If I asked you “what does your local council do?”, I am sure your list would include emptying the bins, cleaning the streets, looking after our parks, and social services, to name just a few.
In fact, the complete list and range of services and support that we provide is actually significantly greater than the one above – from working to secure business investment and jobs for local people to making e-books available free of charge in our libraries. We are actually responsible for 167 individual service areas according to a budget analysis I saw recently.
We are required by law to make sure that some services are provided, including social care and waste collection.
But many of the services on that list are “discretionary” which means that we don’t have to provide them. Even so, they are almost always things which are valued by local people and make a positive difference to life in our Borough.
Maintaining and managing our public parks is one of those discretionary services. Our parks – 18 of which proudly fly the prestigious Green Flag quality standard – are fantastic assets. They are pleasant places where people can walk, jog, exercise a dog, get together with friends, work out in a green gym, enjoy an activity with a ranger, or attend an organised event.
As I’ve sadly had to write many times before, the savage cuts from this Tory Government and the previous Tory/Lib Dem Government are real. We have lost £86m since 2010 and by 2020 this number will be £100m. Knowsley has been hit harder than any other local authority in the country (and that’s a fact, not an “alternative fact”!). We have seen a significant reduction in our spending power which in turn means we have had to stop spending money in many areas where people might expect us to be more active.
When these cuts from Government really bite, it’s understandable that councils look at discretionary services and sometimes see them as an unaffordable luxury. As our funds reduce year on year, I do not want to get to the point something as important as our parks are constantly under threat.
That’s why, as we did with our leisure centres, we must act now to protect our parks. At the Council meeting last night, the Labour Group put forward a Notice of Motion aimed at protecting our parks and green spaces by establishing an independent board to make recommendations on their future. The Motion was carried unanimously with the support of the Lib Dems on the Council.
The Knowsley Parks and Green Spaces Review Board will review funding and governance arrangements for these facilities, and consult with the public to help them make their recommendations.

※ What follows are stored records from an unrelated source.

(* Hall's marriage theorem: the clauses of S get distinct variables outside W,
   which can be set independently. *)
Lemma hall_sat W S : hall W S -> exists phi, sat_on (varF S `\` W) phi S.
Proof.
elim/finSet_rect: S W => S IH W hallS.
(* Either a nonempty proper L is critical and L, S \ L are solved separately,
   or one clause of S may take any of its variables. *)
have [[L [LS L0 LnS tightL]] | noTight] := classic
  (exists L, [/\ L `<=` S, L != fset0, L != S & surplus W L = 0%R]).
  have ltLS : L `<` S by rewrite fproperEneq LnS LS.
  have [phi1 satL] : exists phi, sat_on (varF L `\` W) phi L.
    by apply: IH => // L' L'L; apply/hallS/(fsubset_trans L'L LS).
  have [phi2 satSL] :
      exists phi, sat_on (varF (S `\` L) `\` (W `|` varF L)) phi (S `\` L).
    apply: IH; last by apply: hall_max_surplus => // K KS; rewrite tightL hallS.
    by rewrite -[X in _ `<` X]fsetD0 fsetDpS // fproper0.
  exists (fun v => if v \in varF L `\` W then phi1 v else phi2 v).
  have -> : S = L `|` (S `\` L) by rewrite fsetUDl fsetDv fsetD0; apply/esym/fsetUidPr.
  apply: sat_onS (sat_on_glue _ satL satSL).
    by rewrite varFU fsetDUl fsetUS // fsetDS // fsubsetUl.
  by apply/fdisjointP => w; rewrite !inE => /andP[_ ->]; rewrite orbT.
have [-> | /fset0Pn [C CS]] := eqVneq S fset0.
  by exists (fun=> true) => C; rewrite inE.
have [v vC vW] : exists2 v, v \in varF [fset C] & v \notin W.
  have := hallS [fset C]; rewrite fsub1set CS /surplus cardfs1 => /(_ isT) h.
  have /fset0Pn [v] : varF [fset C] `\` W != fset0 by rewrite -cardfs_gt0; lia.
  by rewrite inE => /andP[]; exists v.
have [x xC xv] : exists2 x, x \in C & x.1 = v.
  by case/varFP: vC => D; rewrite inE => /eqP ->.
have [phi satSC] :
    exists phi, sat_on (varF (S `\ C) `\` (v |` W)) phi (S `\ C).
  apply: IH (fproperD1 CS) _ _ => L; rewrite fsubsetD1 => /andP[LS CL].
  have [-> | L0] := eqVneq L fset0; first by rewrite /surplus varF0 fset0D cardfs0.
  have LnS : L != S by apply: contraNneq CL => ->.
  have : surplus W L != 0%R by apply/eqP => tightL; apply: noTight; exists L.
  by move: (hallS L LS) (surplusU1 W v L) => *; lia.
exists (fun w => if w \in [fset v] then x.2 else phi w).
rewrite -(fsetD1K CS); apply: sat_onS (sat_on_glue _ _ satSC).
- rewrite varFU fsetDUl fsetUSS // ?fsub1set ?inE ?vC ?vW //.
  by rewrite fsetDS // fsubsetUr.
- by rewrite fdisjoint1X !inE eqxx.
- by move=> D; rewrite inE => /eqP ->; exists x; rewrite ?inE ?xv /lit_true ?eqxx.
Qed.

Lemma MU_not_hall W M H : MU M -> H `<=` M -> H != fset0 ->
  varF (M `\` H) `<=` W -> ~ hall W H.
Proof.
move=> [unsatM minM] HM /fset0Pn [C CH] MHW /hall_sat [phi satH].
have [psi satMH] : exists psi, sat_on (varF (M `\` H)) psi (M `\` H).
  apply/satisfiable_sat_on/(satisfiableS _ (minM C (fsubsetP HM C CH))).
  by rewrite fsetDS // fsub1set.
apply/unsatM/(satisfiableS _ (sat_on_satisfiable (sat_on_glue _ satMH satH))).
  by rewrite fsetUC -fsubDset.
by apply/fdisjointP => v /(fsubsetP MHW) vW; rewrite inE vW.
Qed.

(* For K of maximal surplus in H, the clauses of H \ K satisfy Hall's condition
   outside W and var K, which MU_not_hall forbids unless K = H. *)
Lemma MU_surplus_gt0 W M H : MU M -> H `<=` M -> H != fset0 ->
  varF (M `\` H) `<=` W -> (0 < surplus W H)%R.
Proof.
move=> muM HM H0 MHW; have [K KH maxK] := ex_argmax_fsubset (surplus W) H.
have KH' : K = H.
  apply/eqP; rewrite eqEfsubset KH /=; apply: contraT => HnK.
  have HKM : H `\` K `<=` M by apply: fsubset_trans (fsubsetDl _ _) HM.
  exfalso; apply: (MU_not_hall muM HKM _ _ (hall_max_surplus KH maxK)).
    by rewrite fsetD_eq0.
  have MHK : M `\` (H `\` K) `<=` (M `\` H) `|` K.
    apply/fsubsetP => D; rewrite !inE.
    by case: (D \in K); case: (D \in H); case: (D \in M).
  by apply: fsubset_trans (varFS MHK) _; rewrite varFU fsetSU.
rewrite ltNge; apply/negP => sH; apply: (MU_not_hall muM HM H0 MHW) => L LH.
by apply: le_trans (maxK L LH) _; rewrite KH'.
Qed.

I also want the Board to continue the work we have started in exploring how our parks and green spaces could help to generate income which could be ploughed back into the costs of the maintenance and management. The Council has already started this process by running bush craft sessions, “Forest Schools” and offering team building experiences in local parks, all of which were well received. More activities like this would help keep the parks open and free to access to all our residents, which is, I’m sure, what we all want to see.
Now that the Notice of Motion has been passed, work will begin to recruit members to the Board. They will include representatives from local Town and Parish Councils, local businesses, “Friends of Parks” groups and academics. They will carry out research from March to June, and then begin talking to local people and other stakeholders in July and August before presenting their recommendations to the Council in October.
I and my fellow Councillors do not regard our parks simply as something that “nice to have”. They play an important role in delivering benefits for the health and wellbeing of all people visiting and living here, young and old.
I’m confident that, by taking a more co-operative approach to the management of these important community facilities, we can protect and even enhance them. While some other local authorities across the country are simply cutting their parks budgets, that is not good enough for us – we want to find a solution which protects these amazing places from future budget cuts whilst ensuring that they remain in place for our children and their children to enjoy for years to come.